Public interest advocates suggest that OIRA is mostly attentive to the concerns of business and therefore attempts to weaken rules by delaying their implementation, diluting their provisions, and substituting its own judgment for that of the initiating agency. On the other hand, conservatives complain that OIRA merely rubber-stamps agency action, delaying but rarely vetoing rulemakings that would fail a cost-benefit test.
Neither side currently has overwhelming empirical evidence to support its position. What quantitative research there is on OIRA’s effect on proposed rules tends to focus on the final finding of the review, whether “approved without change,” “approved with change,” or (rarely) “returned” to the agency for further analysis. The Center for Progressive Reform, a pro-regulation group, found that OIRA changed up to 84 percent of health and safety rules. Regardless of whether such changes are decried for reducing safety or hailed for promoting efficiency, existing research offers some support for the view that OIRA does revise the content of proposed rules.
But those studies do not offer a means to assess the practical effect of the OIRA alterations. Simply recording percentages of rules “changed” by OIRA fails to account for what sort of changes are made. “Approved with change” is a broad category that could contain anything from minor technical tweaks to removal of entire provisions. Claims that OIRA consistently deflates benefits, inflates costs, and hollows out public health and safety measures ignore the diversity and complexity inherent in a system producing thousands of rules each year. While critics can point to notable examples when OIRA review did produce such changes, it is questionable whether those anecdotes constitute a pattern.
To develop a better understanding of OIRA’s effect on rulemaking, we conducted a review of the changes in cost and benefit estimates between proposed and final rulemaking stages. This study provides a better measure of the gravity of rule changes and adds empirical grounding to a debate driven overwhelmingly by competing anecdotes.
Changes in Cost / We analyzed 160 final rules (excluding routine Federal Aviation Administration regulations) published in 2012 and 2013 that underwent some form of review. OIRA reviewed 111 of those rules, while independent agencies produced (and reviewed) the other 49. According to our analysis, the average net change in cost between the proposed and final rules was an increase of $137.1 million. The average percent change was an increase of 401 percent. However, a few rules with dramatic cost increases artificially elevated the averages.
A plurality of rules had increased costs: 74 (46 percent) had higher costs in the final stage than when originally proposed; 46 (28 percent) had lower costs; and 40 had no change (25 percent). In the aggregate, the positive changes represented increased costs of $35.6 billion (an average change of $481 million) while the negative changes decreased costs by $13.7 billion (an average decrease of $297 million). Thus, while cost estimates are more likely to increase than decrease during the rulemaking process, the direction of change is not exclusively positive.
Differences between the proposed and final rule can arise from a variety of factors.
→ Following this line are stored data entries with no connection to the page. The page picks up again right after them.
(* \[ \sum_{n=0}^\infty\frac{p(n)\,(-2^{24})^n}{(2n+1)^5(6n+1)^5(6n+5)^5\binom{6n}{3n}^5}=\frac{189}{2}\zeta(3), \] where \[ p(n)=491287680n^{12}+3517115904n^{11}+11399133888n^{10}+22100247360n^9+28522562400n^8+25791650640n^7 \] \[ +16738310448n^6+7846312104n^5+2633313600n^4+616193160n^3+95283770n^2+8729374n+357931. \]
   Context: $\zeta$ is the Riemann zeta function. *)

From Stdlib Require Import Reals.
From Coquelicot Require Import Coquelicot.
Open Scope R_scope.

Definition zeta3 : R := Series (fun k : nat => / (INR k + 1) ^ 3).

Definition p18 (n : R) : R :=
  491287680 * n ^ 12 + 3517115904 * n ^ 11 + 11399133888 * n ^ 10
  + 22100247360 * n ^ 9 + 28522562400 * n ^ 8 + 25791650640 * n ^ 7
  + 16738310448 * n ^ 6 + 7846312104 * n ^ 5 + 2633313600 * n ^ 4
  + 616193160 * n ^ 3 + 95283770 * n ^ 2 + 8729374 * n + 357931.

Definition term18 (n : nat) : R :=
  p18 (INR n) * (- 2 ^ 24) ^ n /
  ((2 * INR n + 1) ^ 5 * (6 * INR n + 1) ^ 5 * (6 * INR n + 5) ^ 5
   * (Binomial.C (6 * n)%nat (3 * n)%nat) ^ 5).

From Stdlib Require Import Reals Lra Lia List.
From Coquelicot Require Import Coquelicot.
Import ListNotations.
Open Scope R_scope.

(* WZ method.  Write [odd_prod m k] for (2k+1)(2k+3)...(2k+2m+1) and let
   W(n,k) = (2k+3n+1) / odd_prod(3n,k)^4, so that Sum_k W(0,k) = Sum_k 1/(2k+1)^3
   = (7/8) zeta(3).  With a rational ratio r(n), the weight c(n) = r(0)...r(n-1)
   and a rational certificate G = W * R(n,k), the functions F(n,k) = c(n) W(n,k)
   and c(n) G(n,k) form a WZ pair: F(n,k) - F(n+1,k) = c(n) (G(n,k+1) - G(n,k)).
   Summing over k, consecutive row sums of F differ by -c(n) G(n,0), which is the
   n-th term of the series divided by 108.  The row sums are O(2^-n), so the series
   telescopes to 108 Sum_k F(0,k) = 108 (7/8) zeta(3) = (189/2) zeta(3). *)

Lemma sum_n_succ (a : nat -> R) (N : nat) :
  @eq R (sum_n a (S N)) (sum_n a N + a (S N)).
Proof. now rewrite sum_Sn. Qed.

Lemma sum_n_telescope (f : nat -> R) (N : nat) :
  @eq R (sum_n (fun n => f n - f (S n)) N) (f O - f (S N)).
Proof.
  induction N as [|N IH].
  - now rewrite sum_O.
  - rewrite sum_n_succ, IH. ring.
Qed.

Lemma is_series_telescope (f : nat -> R) (l : R) :
  is_lim_seq f l -> is_series (fun n => f n - f (S n)) (f O - l).
Proof.
  intros Hf.
  enough (H : is_lim_seq (sum_n (fun n => f n - f (S n))) (f O - l)) by exact H.
  apply (is_lim_seq_ext (fun N => f O - f (S N))).
  - intros N. now rewrite sum_n_telescope.
  - apply is_lim_seq_minus'; [apply is_lim_seq_const|].
    now apply (is_lim_seq_incr_1 f).
Qed.

Lemma is_lim_seq_Rabs_le_0 (u v : nat -> R) :
  (forall n, Rabs (u n) <= v n) -> is_lim_seq v 0 -> is_lim_seq u 0.
Proof.
  intros Huv Hv. apply is_lim_seq_abs_0.
  apply (is_lim_seq_le_le (fun _ => 0) _ v); [|apply is_lim_seq_const|exact Hv].
  intros n. split; [apply Rabs_pos|apply Huv].
Qed.

Lemma ex_series_Rabs_le (a b : nat -> R) :
  (forall n, Rabs (a n) <= b n) -> ex_series b -> ex_series a.
Proof. apply (@ex_series_le R_AbsRing R_CompleteNormedModule). Qed.

Lemma Rabs_Series_le (a b : nat -> R) :
  (forall n, Rabs (a n) <= b n) -> ex_series b -> Rabs (Series a) <= Series b.
Proof.
  intros Hab Hb. eapply Rle_trans.
  - apply Series_Rabs, (ex_series_Rabs_le _ b); [|exact Hb].
    intros n. rewrite Rabs_Rabsolu. apply Hab.
  - apply Series_le; [|exact Hb].
    intros n. split; [apply Rabs_pos|apply Hab].
Qed.

Lemma is_lim_seq_inv_succ : is_lim_seq (fun n => / (INR n + 1)) 0.
Proof.
  replace (Finite 0) with (Rbar_inv p_infty) by reflexivity.
  apply is_lim_seq_inv; [|discriminate].
  apply (is_lim_seq_ext (fun n => INR (S n))); [intros n; apply S_INR|].
  apply (is_lim_seq_incr_1 INR), is_lim_seq_INR.
Qed.

Section WZ_summation.

Variables F G : nat -> nat -> R.
Hypothesis wz_pair : forall n k, F n k - F (S n) k = G n (S k) - G n k.
Hypothesis row_summable : forall n, ex_series (F n).
Hypothesis G_vanishes : forall n, is_lim_seq (G n) 0.
Hypothesis row_sums_vanish : is_lim_seq (fun n => Series (F n)) 0.

Lemma row_sum_sub n : Series (F n) - Series (F (S n)) = - G n O.
Proof.
  assert (Hdiff : is_series (fun k => F n k - F (S n) k) (- G n O)).
  { apply (is_series_ext (fun k => - G n k - - G n (S k))).
    { intros k. rewrite wz_pair. change (- G n k - - G n (S k) = G n (S k) - G n k). ring. }
    replace (- G n O) with (- G n O - - 0) by ring.
    apply is_series_telescope.
    replace (Finite (- 0)) with (Rbar_opp 0) by (simpl; f_equal; ring).
    apply -> is_lim_seq_opp. apply G_vanishes. }
  rewrite <- (is_series_unique _ _ Hdiff). symmetry.
  apply is_series_unique, (@is_series_minus R_AbsRing R_NormedModule);
    apply Series_correct, row_summable.
Qed.

Lemma is_series_wz : is_series (fun n => - G n O) (Series (F O)).
Proof.
  rewrite <- (Rminus_0_r (Series (F O))).
  apply (is_series_ext (fun n => Series (F n) - Series (F (S n)))).
  - exact row_sum_sub.
  - now apply is_series_telescope.
Qed.

End WZ_summation.

Lemma ex_series_inv_pow (s : nat) :
  (2 <= s)%nat -> ex_series (fun k => / (INR k + 1) ^ s).
Proof.
  intros Hs.
  apply (ex_series_Rabs_le _ (fun k => 2 * (/ (INR k + 1) - / (INR (S k) + 1)))).
  - intros k. pose proof (pos_INR k) as Hk. rewrite S_INR.
    assert (Hpow : (INR k + 1) ^ 2 <= (INR k + 1) ^ s) by (apply Rle_pow; [lra|exact Hs]).
    rewrite Rabs_right by (apply Rle_ge, Rlt_le, Rinv_0_lt_compat, pow_lt; lra).
    apply Rle_trans with (/ (INR k + 1) ^ 2).
    + apply Rinv_le_contravar; [apply pow_lt; lra|exact Hpow].
    + replace (2 * (/ (INR k + 1) - / (INR k + 1 + 1)))
        with (/ (INR k + 1) * / ((INR k + 1 + 1) / 2)) by (field; lra).
      replace (/ (INR k + 1) ^ 2) with (/ (INR k + 1) * / (INR k + 1)) by (field; lra).
      apply Rmult_le_compat_l; [apply Rlt_le, Rinv_0_lt_compat; lra|].
      apply Rinv_le_contravar; lra.
  - exists (2 * (/ (INR O + 1) - 0)).
    apply (is_series_ext (fun k => scal 2 (/ (INR k + 1) - / (INR (S k) + 1)))).
    { reflexivity. }
    apply (@is_series_scal_l R_AbsRing R_NormedModule).
    apply is_series_telescope, is_lim_seq_inv_succ.
Qed.

Lemma sum_n_inv_pow_odd_even (s K : nat) :
  @eq R (sum_n (fun k => / (INR k + 1) ^ s) (2 * K + 1))
    (sum_n (fun k => / (2 * INR k + 1) ^ s) K
     + / 2 ^ s * sum_n (fun k => / (INR k + 1) ^ s) K).
Proof.
  induction K as [|K IH].
  - change (2 * 0 + 1)%nat with 1%nat. rewrite sum_n_succ, !sum_O. simpl.
    replace (1 + 1) with 2 by ring. rewrite Rmult_0_r, Rplus_0_l, pow1, Rinv_1. ring.
  - replace (2 * S K + 1)%nat with (S (S (2 * K + 1))) by lia.
    rewrite !sum_n_succ, IH.
    replace (INR (S (S (2 * K + 1))) + 1) with (2 * (INR (S K) + 1))
      by (rewrite !S_INR, plus_INR, mult_INR; simpl; ring).
    replace (INR (S (2 * K + 1)) + 1) with (2 * INR (S K) + 1)
      by (rewrite !S_INR, plus_INR, mult_INR; simpl; ring).
    rewrite Rpow_mult_distr, Rinv_mult. ring.
Qed.

Lemma is_series_inv_odd_pow (s : nat) : (2 <= s)%nat ->
  is_series (fun k => / (2 * INR k + 1) ^ s)
    ((1 - / 2 ^ s) * Series (fun k => / (INR k + 1) ^ s)).
Proof.
  intros Hs.
  set (z := fun k => / (INR k + 1) ^ s).
  assert (Hz : is_lim_seq (sum_n z) (Series z))
    by exact (Series_correct _ (ex_series_inv_pow s Hs)).
  enough (H : is_lim_seq (sum_n (fun k => / (2 * INR k + 1) ^ s))
                ((1 - / 2 ^ s) * Series z)) by exact H.
  apply (is_lim_seq_ext (fun K => sum_n z (2 * K + 1) - / 2 ^ s * sum_n z K)).
  { intros K. unfold z. rewrite sum_n_inv_pow_odd_even. ring. }
  replace ((1 - / 2 ^ s) * Series z) with (Series z - / 2 ^ s * Series z) by ring.
  apply is_lim_seq_minus'.
  - apply (is_lim_seq_subseq _ _ (fun K => 2 * K + 1)%nat); [|exact Hz].
    apply eventually_subseq. intros; lia.
  - apply (is_lim_seq_scal_l _ _ (Series z)), Hz.
Qed.

Definition horner (l : list R) (x : R) : R :=
  fold_right (fun a acc => a + x * acc) 0 l.

Lemma horner_Rabs_1_nonneg (l : list R) : 0 <= horner (map Rabs l) 1.
Proof.
  induction l as [|a l IH]; simpl; [lra|]. pose proof (Rabs_pos a). lra.
Qed.

Lemma Rabs_horner_le (l : list R) (x : R) : 0 <= x ->
  Rabs (horner l x) <= horner (map Rabs l) 1 * (x + 1) ^ length l.
Proof.
  intros Hx. induction l as [|a l IH]; simpl.
  - rewrite Rabs_R0. lra.
  - pose proof (horner_Rabs_1_nonneg l) as HM.
    pose proof (Rabs_pos a) as Ha.
    assert (Hp : 1 <= (x + 1) ^ length l) by (apply pow_R1_Rle; lra).
    eapply Rle_trans; [apply Rabs_triang|].
    rewrite Rabs_mult, (Rabs_right x) by lra.
    assert (x * Rabs (horner l x) <= x * (horner (map Rabs l) 1 * (x + 1) ^ length l))
      by (apply Rmult_le_compat_l; lra).
    assert (Rabs a <= Rabs a * ((x + 1) * (x + 1) ^ length l))
      by (rewrite <- (Rmult_1_r (Rabs a)) at 1; apply Rmult_le_compat_l; nra).
    nra.
Qed.

Fixpoint odd_prod (m k : nat) : R :=
  match m with
  | O => 2 * INR k + 1
  | S m' => odd_prod m' k * (2 * INR k + 2 * INR m' + 3)
  end.

Lemma odd_prod_pos (m k : nat) : 0 < odd_prod m k.
Proof.
  pose proof (pos_INR k).
  induction m as [|m IH]; simpl; [lra|].
  pose proof (pos_INR m). apply Rmult_lt_0_compat; lra.
Qed.
Section OrbitMoveKernel.
Variables (x0 y0 : X) (h : cmap N A).
Hypotheses (y0x0 : y0 \notin shift_orbit x0) (sx0y0 : stab_sub x0 y0).
Hypotheses (h_eq : equivariant h) (h_noninj : ~~ injectiveb h).
Hypothesis h_ker : forall a b, h a = h b -> orbit_move x0 y0 a = orbit_move x0 y0 b.

Lemma inj_off_orbit a b :
  a \notin shift_orbit x0 -> b \notin shift_orbit x0 -> h a = h b -> a = b.
Proof. by move=> ax0 bx0 /h_ker; rewrite !orbit_move_id. Qed.

(* [h] maps the fixed points of [shift k] off the orbit of [x0] bijectively
   onto the fixed points in the image of the complement; [h x0] is a fixed
   point outside that image, so by counting some fixed point of [shift k] lies
   on the orbit of [x0]. *)
Lemma no_cross_collision_stab (k : G) :
  (forall a b, a \in shift_orbit x0 -> b \notin shift_orbit x0 -> h a != h b) ->
  shift k (h x0) = h x0 -> shift k x0 = x0.
Proof.
move=> no_cross hk.
pose F := [set z : X | shift k z == z].
pose H := [set h z | z in ~: shift_orbit x0].
have FH : #|F :&: H| = #|F :\: shift_orbit x0|.
  have -> : F :&: H = [set h z | z in F :\: shift_orbit x0].
    apply/setP=> y; rewrite !inE; apply/andP/imsetP=> [[/eqP ky /imsetP [z zx0 yz]]|[z]].
      rewrite inE in zx0; exists z => //; rewrite !inE zx0 /=.
      by apply/eqP; apply: inj_off_orbit; rewrite ?shift_orbit_shift // h_eq -yz.
    rewrite !inE => /andP [zx0 /eqP kz] ->; split; first by rewrite -h_eq kz.
    by apply/imsetP; exists z; rewrite // inE.
  rewrite card_in_imset // => a b; rewrite !inE => /andP [ax0 _] /andP [bx0 _].
  exact: inj_off_orbit.
have hx0 : h x0 \in F :\: H.
  rewrite !inE hk eqxx andbT; apply/imsetP=> [[z]].
  by rewrite inE => zx0; apply/eqP/no_cross; rewrite ?shift_orbit_refl.
have : 0 < #|F :&: shift_orbit x0|.
  have := cardsID H F; have := cardsID (shift_orbit x0) F.
  rewrite FH => <- /eqP; rewrite addnC eqn_add2r => /eqP <-.
  by apply/card_gt0P; exists (h x0).
case/card_gt0P=> z; rewrite !inE => /andP [/eqP kz /shift_orbitP [l zl]].
by apply: (@shift_inj l); rewrite shiftD addrC -shiftD -zl.
Qed.

Lemma cross_collision :
  exists a b, [/\ a \in shift_orbit x0, b \notin shift_orbit x0 & h a = h b].
Proof.
have [/existsP [a /existsP [b /and3P [ax0 bx0 /eqP hab]]]|] := boolP
  [exists a, exists b, [&& a \in shift_orbit x0, b \notin shift_orbit x0 & h a == h b]].
  by exists a, b.
move=> cross; have {cross} no_cross a b :
    a \in shift_orbit x0 -> b \notin shift_orbit x0 -> h a != h b.
  move=> ax0 bx0; apply: contraNneq cross => hab.
  by apply/existsP; exists a; apply/existsP; exists b; rewrite ax0 bx0 hab eqxx.
case/injectivePn: h_noninj => a [b ab hab]; exfalso.
have [ax0 bx0] : a \in shift_orbit x0 /\ b \in shift_orbit x0.
  have [ax0|ax0] := boolP (a \in _); have [bx0|bx0] := boolP (b \in _) => //.
  - by have := no_cross a b ax0 bx0; rewrite hab eqxx.
  - by have := no_cross b a bx0 ax0; rewrite hab eqxx.
  - by move: ab; rewrite (inj_off_orbit ax0 bx0 hab) eqxx.
case/shift_orbitP: ax0 ab hab => i ->; case/shift_orbitP: bx0 => j -> ij hij.
have hk : shift (j - i)%R (h x0) = h x0.
  by apply: (@shift_inj i); rewrite shiftD subrK -!h_eq hij.
move: ij; rewrite -(subrK i j) -shiftD.
by rewrite (no_cross_collision_stab no_cross hk) eqxx.
Qed.

Lemma h_x0_y0 : h x0 = h y0.
Proof.
have [a [b [/shift_orbitP [i ->] bx0 hab]]] := cross_collision.
have := h_ker hab; rewrite (orbit_move_id _ bx0) orbit_move_shift // => y0b.
by apply: (@shift_inj i); rewrite -!h_eq hab y0b.
Qed.

Lemma image_off_orbit : [set h z | z : X] = [set h z | z in ~: shift_orbit x0].
Proof.
apply/setP=> y; apply/imsetP/imsetP=> [[z _ ->]|[z _ ->]]; last by exists z.
have [/shift_orbitP [i ->]|zx0] := boolP (z \in shift_orbit x0); last by exists z; rewrite ?inE.
by exists (shift i y0); rewrite ?inE ?shift_orbit_shift // !h_eq h_x0_y0.
Qed.

Lemma defect_orbit_move_kernel : defect h = period x0.
Proof.
rewrite /defect image_off_orbit card_in_imset; last first.
  by move=> a b; rewrite !inE; apply: inj_off_orbit.
by rewrite -card_shift_orbit -(cardsC (shift_orbit x0)) addnK.
Qed.

Lemma collisions_orbit_move_kernel : collisions h = period y0.
Proof.
rewrite /collisions -card_shift_orbit.
have -> : [set y : X | 1 < #|[set z | h z == y]|] = [set h z | z in shift_orbit y0].
  apply/setP=> y; rewrite inE; apply/idP/imsetP.
    case/card_gt1P=> a [b [hay hby ab]]; rewrite !inE in hay hby.
    suff [i ->] : exists i, y = h (shift i x0).
      by exists (shift i y0); rewrite ?mem_shift_orbit // !h_eq h_x0_y0.
    have [/shift_orbitP [i ai]|ax0] := boolP (a \in shift_orbit x0).
      by exists i; rewrite -ai (eqP hay).
    have [/shift_orbitP [i bi]|bx0] := boolP (b \in shift_orbit x0).
      by exists i; rewrite -bi (eqP hby).
    by move: ab; rewrite (inj_off_orbit ax0 bx0) ?eqxx // (eqP hay) (eqP hby).
  case=> z /shift_orbitP [i ->] ->; apply/card_gt1P.
  exists (shift i y0), (shift i x0); rewrite !inE !h_eq h_x0_y0 eqxx; split=> //.
  by apply: contraNneq y0x0 => /shift_inj ->; apply: shift_orbit_refl.
rewrite card_in_imset // => a b ay0 by0; apply: inj_off_orbit;
  exact: shift_orbit_notin y0x0 _.
Qed.

End OrbitMoveKernel.

(** * Generation by units and orbit moves *)

Definition unit_or_in (V : {set cmap N A}) (h : cmap N A) := is_ICA h \/ h \in V.

Lemma sgen_equivariant (V : {set cmap N A}) : (forall v, v \in V -> is_CA v) ->
  forall f, sgen (unit_or_in V) f -> equivariant f.
Proof.
move=> V_CA f; elim=> [g [/ICA_equivariant [] //|/V_CA /CA_equivariant //]|g k _ g_eq _ k_eq].
exact: equivariant_comp.
Qed.

Lemma sgen_noninjective_factor (V : {set cmap N A}) : (forall v, v \in V -> is_CA v) ->
  forall f, sgen (unit_or_in V) f -> injective f \/
  exists (h u : cmap N A) (a : X -> X), [/\ h \in V, ~~ injectiveb h, equivariant u,
    injective u & forall x, f x = a (h (u x))].
Proof.
move=> V_CA f; elim=> [g [/ICA_equivariant [_ g_inj]|gV]|g k g_gen IHg _ IHk].
- by left.
- have [/injectiveP|g_noninj] := boolP (injectiveb g); first by left.
  by right; exists g, (cid N A), id; split=> // [k x|x y|x]; rewrite !ffunE.
case: IHg => [g_inj|[h [u [a [hV h_noninj u_eq u_inj g_fact]]]]]; last first.
  by right; exists h, u, (fun y => k (a y)); split=> // x; rewrite ccompE g_fact.
case: IHk => [k_inj|[h [u [a [hV h_noninj u_eq u_inj k_fact]]]]].
  by left=> x y; rewrite !ccompE => /k_inj /g_inj.
right; exists h, (ccomp g u), a; split=> //.
- exact: equivariant_comp (sgen_equivariant V_CA g_gen) u_eq.
- by move=> x y; rewrite !ccompE => /u_inj /g_inj.
- by move=> x; rewrite !ccompE k_fact.
Qed.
Changes may be caused by the addition of analyses not present in the proposed form (such as determining “major” rule status under the Congressional Review Act). Or analyses may have been present in the original edition of the rule, but were updated as new information became available. In either scenario, the actual content of the rule is unchanged, with the increase in costs reflecting procedural decisions by agencies and OIRA. Finally, cost and benefit changes could reflect substantive alterations to the actual content of the rule. Because of those different possibilities, it is unclear whether increasing cost estimates should be applauded as a more accurate accounting of the rules’ effects or decried as a gradual expansion of rules’ reach over time.
Cost Changes by Agency / When possible, net changes were considered on an agency-by-agency basis. Few agencies produced enough final rules in the period studied to allow for meaningful conclusions, but financial regulators (in the Consumer Financial Protection Bureau, Commodities Futures Trading Commission, Securities and Exchange Commission, and Department of the Treasury), health care regulators (in the Department of Heath and Human Services and the Centers for Medicare and Medicaid Services) and the Environmental Protection Agency all had sufficiently large sample sizes (more than 25).
The first column of Table 1 presents the raw average percentage change in a proposed rule’s estimated cost. The next column, “adjusted average,” excludes the three rules with the largest percent changes in each category, so as to better capture the typical change.
The difference between the two columns confirms that the data are subject to a large amount of variability. The finance rules had the largest disparity in percentage changes, as shown by the dramatic reduction between the average and the adjusted average. The dispersion in the other two areas was not nearly as pronounced.